[Directions for this task]:
Below are the entries to work from; restate word for word the portion that opens with the line containing "by apply: eq_bigr" and closes with the line containing "by rewrite -card_set_sum (@eq_card", keeping both.

[Dataset records]:
============
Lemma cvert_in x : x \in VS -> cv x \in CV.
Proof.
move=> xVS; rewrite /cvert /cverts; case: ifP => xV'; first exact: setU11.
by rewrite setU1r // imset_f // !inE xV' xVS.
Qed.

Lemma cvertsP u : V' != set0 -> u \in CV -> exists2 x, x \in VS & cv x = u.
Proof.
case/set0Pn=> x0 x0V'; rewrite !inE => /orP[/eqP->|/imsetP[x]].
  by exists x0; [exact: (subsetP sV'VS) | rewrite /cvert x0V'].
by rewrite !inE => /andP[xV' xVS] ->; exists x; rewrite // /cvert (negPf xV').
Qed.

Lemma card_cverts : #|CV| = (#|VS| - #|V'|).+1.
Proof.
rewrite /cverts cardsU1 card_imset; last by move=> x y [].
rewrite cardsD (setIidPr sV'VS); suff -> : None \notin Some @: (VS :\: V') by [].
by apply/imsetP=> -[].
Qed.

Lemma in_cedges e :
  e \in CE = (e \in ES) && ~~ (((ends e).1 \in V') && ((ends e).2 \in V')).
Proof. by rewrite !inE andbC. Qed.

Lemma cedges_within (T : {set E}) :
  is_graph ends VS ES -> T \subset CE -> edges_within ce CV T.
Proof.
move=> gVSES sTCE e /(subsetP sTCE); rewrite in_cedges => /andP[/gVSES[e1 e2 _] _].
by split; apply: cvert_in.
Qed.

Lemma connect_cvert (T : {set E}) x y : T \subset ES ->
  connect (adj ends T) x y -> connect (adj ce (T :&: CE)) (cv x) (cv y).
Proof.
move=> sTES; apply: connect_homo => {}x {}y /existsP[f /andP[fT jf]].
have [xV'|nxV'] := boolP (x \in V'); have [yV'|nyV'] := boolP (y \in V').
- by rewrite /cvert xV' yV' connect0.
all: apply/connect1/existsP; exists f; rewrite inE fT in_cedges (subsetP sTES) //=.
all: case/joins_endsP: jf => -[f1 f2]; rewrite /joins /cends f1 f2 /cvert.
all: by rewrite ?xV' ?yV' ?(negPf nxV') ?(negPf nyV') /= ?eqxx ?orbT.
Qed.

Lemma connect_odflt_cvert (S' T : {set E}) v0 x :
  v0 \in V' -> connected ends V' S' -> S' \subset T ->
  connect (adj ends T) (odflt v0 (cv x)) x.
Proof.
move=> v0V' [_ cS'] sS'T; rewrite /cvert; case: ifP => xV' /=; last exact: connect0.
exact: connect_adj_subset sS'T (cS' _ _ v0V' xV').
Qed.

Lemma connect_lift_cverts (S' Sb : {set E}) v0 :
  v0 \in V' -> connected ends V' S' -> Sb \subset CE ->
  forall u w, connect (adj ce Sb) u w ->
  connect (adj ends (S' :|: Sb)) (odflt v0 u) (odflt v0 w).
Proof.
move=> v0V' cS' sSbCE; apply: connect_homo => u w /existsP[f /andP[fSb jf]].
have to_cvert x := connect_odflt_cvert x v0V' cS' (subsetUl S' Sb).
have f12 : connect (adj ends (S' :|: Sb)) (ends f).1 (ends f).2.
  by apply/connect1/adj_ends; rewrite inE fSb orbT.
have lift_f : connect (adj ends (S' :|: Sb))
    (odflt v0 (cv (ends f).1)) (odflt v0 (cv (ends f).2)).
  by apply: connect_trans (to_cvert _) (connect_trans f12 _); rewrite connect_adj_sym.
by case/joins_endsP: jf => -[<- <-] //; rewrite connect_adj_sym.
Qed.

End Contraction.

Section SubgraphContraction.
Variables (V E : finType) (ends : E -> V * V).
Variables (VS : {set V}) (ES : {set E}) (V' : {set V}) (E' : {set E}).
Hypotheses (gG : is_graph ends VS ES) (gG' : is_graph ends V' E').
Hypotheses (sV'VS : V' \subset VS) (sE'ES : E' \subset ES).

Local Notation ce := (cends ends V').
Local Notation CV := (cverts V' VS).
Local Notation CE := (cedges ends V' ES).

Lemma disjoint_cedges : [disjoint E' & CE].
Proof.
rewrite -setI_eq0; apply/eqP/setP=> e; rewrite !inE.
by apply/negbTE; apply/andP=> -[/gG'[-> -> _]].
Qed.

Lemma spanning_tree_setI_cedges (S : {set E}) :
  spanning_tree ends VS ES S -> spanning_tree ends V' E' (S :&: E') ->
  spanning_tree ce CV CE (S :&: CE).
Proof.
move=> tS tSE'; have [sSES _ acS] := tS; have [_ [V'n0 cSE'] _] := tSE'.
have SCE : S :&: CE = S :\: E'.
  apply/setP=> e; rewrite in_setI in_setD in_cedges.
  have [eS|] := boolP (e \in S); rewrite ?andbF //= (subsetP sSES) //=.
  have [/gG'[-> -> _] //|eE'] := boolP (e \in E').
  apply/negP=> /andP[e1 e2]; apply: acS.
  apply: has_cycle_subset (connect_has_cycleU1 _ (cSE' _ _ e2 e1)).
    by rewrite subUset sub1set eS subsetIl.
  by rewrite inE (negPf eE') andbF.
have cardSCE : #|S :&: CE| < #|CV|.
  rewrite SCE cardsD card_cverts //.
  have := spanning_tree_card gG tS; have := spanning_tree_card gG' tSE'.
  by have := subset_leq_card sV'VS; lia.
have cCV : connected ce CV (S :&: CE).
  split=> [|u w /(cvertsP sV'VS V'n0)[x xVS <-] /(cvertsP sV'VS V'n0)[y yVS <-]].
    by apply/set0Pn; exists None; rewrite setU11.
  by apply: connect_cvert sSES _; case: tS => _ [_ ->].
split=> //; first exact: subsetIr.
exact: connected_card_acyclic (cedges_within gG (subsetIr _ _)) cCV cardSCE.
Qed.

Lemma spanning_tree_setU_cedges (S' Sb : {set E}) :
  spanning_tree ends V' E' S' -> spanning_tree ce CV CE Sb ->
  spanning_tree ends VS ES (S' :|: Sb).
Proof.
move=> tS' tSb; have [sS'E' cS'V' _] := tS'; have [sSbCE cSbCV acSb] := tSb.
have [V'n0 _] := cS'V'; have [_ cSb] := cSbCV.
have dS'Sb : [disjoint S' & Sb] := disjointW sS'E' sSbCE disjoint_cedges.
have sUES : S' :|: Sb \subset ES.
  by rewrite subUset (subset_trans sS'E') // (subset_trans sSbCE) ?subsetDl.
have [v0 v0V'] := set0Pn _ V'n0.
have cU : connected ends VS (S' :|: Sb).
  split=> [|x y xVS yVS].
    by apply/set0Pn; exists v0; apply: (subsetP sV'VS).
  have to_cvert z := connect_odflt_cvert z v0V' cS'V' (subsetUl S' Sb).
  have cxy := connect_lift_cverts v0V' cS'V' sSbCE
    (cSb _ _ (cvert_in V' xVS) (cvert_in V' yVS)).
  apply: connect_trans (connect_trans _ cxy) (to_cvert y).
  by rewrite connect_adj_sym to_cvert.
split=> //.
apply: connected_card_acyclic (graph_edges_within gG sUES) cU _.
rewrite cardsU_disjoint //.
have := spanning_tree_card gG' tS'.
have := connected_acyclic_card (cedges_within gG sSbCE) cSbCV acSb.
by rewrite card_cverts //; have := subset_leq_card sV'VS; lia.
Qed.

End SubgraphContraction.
============
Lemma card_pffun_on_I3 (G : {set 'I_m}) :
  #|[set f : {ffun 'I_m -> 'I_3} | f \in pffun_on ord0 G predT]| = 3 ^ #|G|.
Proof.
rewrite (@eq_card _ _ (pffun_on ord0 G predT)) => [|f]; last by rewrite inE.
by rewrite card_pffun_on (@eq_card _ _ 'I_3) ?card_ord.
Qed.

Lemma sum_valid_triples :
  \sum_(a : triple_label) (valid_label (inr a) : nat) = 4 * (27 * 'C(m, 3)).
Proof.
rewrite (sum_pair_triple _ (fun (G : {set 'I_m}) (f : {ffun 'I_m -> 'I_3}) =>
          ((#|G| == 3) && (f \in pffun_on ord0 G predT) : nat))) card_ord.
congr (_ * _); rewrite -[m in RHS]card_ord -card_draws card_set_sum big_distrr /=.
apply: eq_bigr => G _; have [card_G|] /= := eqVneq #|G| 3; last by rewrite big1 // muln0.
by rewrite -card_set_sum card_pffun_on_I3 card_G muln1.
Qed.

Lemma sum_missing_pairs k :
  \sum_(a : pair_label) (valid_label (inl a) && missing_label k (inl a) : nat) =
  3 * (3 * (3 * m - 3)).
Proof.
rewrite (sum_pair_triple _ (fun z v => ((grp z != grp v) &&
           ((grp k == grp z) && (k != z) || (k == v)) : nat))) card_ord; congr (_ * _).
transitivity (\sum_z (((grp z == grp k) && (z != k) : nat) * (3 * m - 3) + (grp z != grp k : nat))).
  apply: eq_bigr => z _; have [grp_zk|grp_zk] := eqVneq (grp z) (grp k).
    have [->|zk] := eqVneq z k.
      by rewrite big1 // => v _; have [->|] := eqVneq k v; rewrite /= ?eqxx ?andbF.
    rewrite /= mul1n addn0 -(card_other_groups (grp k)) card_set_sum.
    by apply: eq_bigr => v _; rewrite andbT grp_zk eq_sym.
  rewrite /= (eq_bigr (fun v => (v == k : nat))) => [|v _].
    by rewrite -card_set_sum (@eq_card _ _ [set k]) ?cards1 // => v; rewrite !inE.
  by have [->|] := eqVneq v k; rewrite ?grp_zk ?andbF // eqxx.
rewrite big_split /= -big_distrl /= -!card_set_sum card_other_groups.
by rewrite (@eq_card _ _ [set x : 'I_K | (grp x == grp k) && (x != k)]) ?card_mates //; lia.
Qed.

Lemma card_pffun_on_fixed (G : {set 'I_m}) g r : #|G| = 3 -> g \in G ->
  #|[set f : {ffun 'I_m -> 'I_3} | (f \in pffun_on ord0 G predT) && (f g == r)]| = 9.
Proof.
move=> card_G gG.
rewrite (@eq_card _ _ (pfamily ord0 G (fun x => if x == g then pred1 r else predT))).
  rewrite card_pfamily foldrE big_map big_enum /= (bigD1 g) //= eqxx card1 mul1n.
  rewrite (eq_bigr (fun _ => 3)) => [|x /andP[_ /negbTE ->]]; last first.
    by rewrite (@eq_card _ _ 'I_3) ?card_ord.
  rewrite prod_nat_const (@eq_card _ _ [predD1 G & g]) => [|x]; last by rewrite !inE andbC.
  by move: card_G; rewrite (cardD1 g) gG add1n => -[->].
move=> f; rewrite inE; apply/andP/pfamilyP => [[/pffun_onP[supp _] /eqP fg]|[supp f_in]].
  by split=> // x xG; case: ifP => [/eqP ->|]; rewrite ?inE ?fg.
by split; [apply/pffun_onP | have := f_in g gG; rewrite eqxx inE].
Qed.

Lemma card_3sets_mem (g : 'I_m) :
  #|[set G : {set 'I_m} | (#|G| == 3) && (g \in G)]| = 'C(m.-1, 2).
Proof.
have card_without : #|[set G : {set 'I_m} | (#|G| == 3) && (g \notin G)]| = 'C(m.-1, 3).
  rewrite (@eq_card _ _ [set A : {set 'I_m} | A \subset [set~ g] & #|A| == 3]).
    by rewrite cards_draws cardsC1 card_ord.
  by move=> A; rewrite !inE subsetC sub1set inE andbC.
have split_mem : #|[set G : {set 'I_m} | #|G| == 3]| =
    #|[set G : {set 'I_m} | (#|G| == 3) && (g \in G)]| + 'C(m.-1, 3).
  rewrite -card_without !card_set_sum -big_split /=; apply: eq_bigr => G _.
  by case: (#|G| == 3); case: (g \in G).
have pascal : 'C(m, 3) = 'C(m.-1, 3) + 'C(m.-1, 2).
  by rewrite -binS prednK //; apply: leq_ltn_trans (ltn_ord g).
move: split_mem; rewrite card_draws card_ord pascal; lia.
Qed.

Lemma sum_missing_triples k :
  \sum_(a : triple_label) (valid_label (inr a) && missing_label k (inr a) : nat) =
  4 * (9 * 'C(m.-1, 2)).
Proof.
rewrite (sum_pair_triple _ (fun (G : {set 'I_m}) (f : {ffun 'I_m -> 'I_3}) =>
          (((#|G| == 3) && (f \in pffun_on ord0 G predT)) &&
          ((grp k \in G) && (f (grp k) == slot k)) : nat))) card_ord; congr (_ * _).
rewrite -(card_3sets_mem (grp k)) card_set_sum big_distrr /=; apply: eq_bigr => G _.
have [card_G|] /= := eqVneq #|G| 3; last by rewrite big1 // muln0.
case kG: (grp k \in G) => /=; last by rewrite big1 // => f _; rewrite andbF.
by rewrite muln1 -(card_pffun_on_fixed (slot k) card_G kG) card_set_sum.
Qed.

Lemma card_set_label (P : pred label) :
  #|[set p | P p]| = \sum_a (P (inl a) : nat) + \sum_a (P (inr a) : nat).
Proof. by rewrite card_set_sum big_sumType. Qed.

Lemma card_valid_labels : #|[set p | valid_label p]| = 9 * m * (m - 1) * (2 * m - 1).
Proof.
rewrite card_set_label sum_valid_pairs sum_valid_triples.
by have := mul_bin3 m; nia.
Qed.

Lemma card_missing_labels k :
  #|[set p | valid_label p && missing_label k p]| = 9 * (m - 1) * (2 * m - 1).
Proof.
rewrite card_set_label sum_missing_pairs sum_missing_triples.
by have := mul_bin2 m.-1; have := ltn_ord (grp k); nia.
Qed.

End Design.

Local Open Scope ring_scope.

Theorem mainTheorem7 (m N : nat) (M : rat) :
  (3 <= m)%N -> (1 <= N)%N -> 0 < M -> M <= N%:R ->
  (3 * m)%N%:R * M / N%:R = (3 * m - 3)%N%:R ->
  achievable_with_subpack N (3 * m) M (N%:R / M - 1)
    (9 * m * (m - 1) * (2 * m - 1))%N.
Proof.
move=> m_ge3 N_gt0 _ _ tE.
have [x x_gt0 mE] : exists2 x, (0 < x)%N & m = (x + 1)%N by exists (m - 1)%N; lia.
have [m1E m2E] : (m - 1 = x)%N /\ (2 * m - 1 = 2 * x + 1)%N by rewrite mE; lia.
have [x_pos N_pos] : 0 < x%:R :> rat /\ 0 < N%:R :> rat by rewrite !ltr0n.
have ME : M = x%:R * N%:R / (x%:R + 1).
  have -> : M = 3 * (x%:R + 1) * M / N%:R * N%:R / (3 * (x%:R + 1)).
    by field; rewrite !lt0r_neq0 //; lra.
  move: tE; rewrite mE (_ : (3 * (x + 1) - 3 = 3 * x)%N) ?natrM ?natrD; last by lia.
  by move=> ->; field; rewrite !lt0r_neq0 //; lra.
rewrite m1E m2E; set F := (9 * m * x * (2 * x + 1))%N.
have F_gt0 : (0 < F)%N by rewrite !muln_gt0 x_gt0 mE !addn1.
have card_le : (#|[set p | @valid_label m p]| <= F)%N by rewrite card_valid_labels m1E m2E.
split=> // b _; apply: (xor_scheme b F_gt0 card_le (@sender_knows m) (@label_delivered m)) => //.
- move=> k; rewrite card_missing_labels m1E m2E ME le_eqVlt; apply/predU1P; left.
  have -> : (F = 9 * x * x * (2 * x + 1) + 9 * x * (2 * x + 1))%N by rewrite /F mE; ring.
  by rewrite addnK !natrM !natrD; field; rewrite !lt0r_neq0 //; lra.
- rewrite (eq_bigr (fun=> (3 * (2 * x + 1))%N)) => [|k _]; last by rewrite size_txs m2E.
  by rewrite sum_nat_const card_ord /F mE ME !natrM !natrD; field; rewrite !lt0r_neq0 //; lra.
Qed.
============
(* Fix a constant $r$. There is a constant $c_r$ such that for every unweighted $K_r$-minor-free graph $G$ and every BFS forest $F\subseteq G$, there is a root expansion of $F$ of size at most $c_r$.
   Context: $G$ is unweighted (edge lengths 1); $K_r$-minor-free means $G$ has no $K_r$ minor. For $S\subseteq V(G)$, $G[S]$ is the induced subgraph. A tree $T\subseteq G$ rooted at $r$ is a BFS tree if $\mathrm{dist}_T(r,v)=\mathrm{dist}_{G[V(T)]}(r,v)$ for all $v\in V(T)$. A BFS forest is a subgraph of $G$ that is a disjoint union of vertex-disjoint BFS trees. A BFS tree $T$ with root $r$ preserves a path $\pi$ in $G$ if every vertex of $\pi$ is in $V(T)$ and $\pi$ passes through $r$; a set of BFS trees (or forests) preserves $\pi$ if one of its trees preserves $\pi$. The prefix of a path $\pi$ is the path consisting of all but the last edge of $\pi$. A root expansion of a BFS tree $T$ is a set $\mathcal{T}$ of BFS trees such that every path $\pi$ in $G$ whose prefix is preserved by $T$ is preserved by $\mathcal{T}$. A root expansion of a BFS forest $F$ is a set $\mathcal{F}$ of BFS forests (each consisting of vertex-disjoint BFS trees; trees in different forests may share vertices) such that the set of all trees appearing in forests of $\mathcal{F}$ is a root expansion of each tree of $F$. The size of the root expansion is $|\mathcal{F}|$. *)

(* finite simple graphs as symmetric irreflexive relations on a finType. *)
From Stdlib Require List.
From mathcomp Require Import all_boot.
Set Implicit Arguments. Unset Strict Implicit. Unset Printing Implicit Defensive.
============
[Response area]:
    by apply: eq_bigr => v _; rewrite andbT grp_zk eq_sym.
  rewrite /= (eq_bigr (fun v => (v == k : nat))) => [|v _].
    by rewrite -card_set_sum (@eq_card _ _ [set k]) ?cards1 // => v; rewrite !inE.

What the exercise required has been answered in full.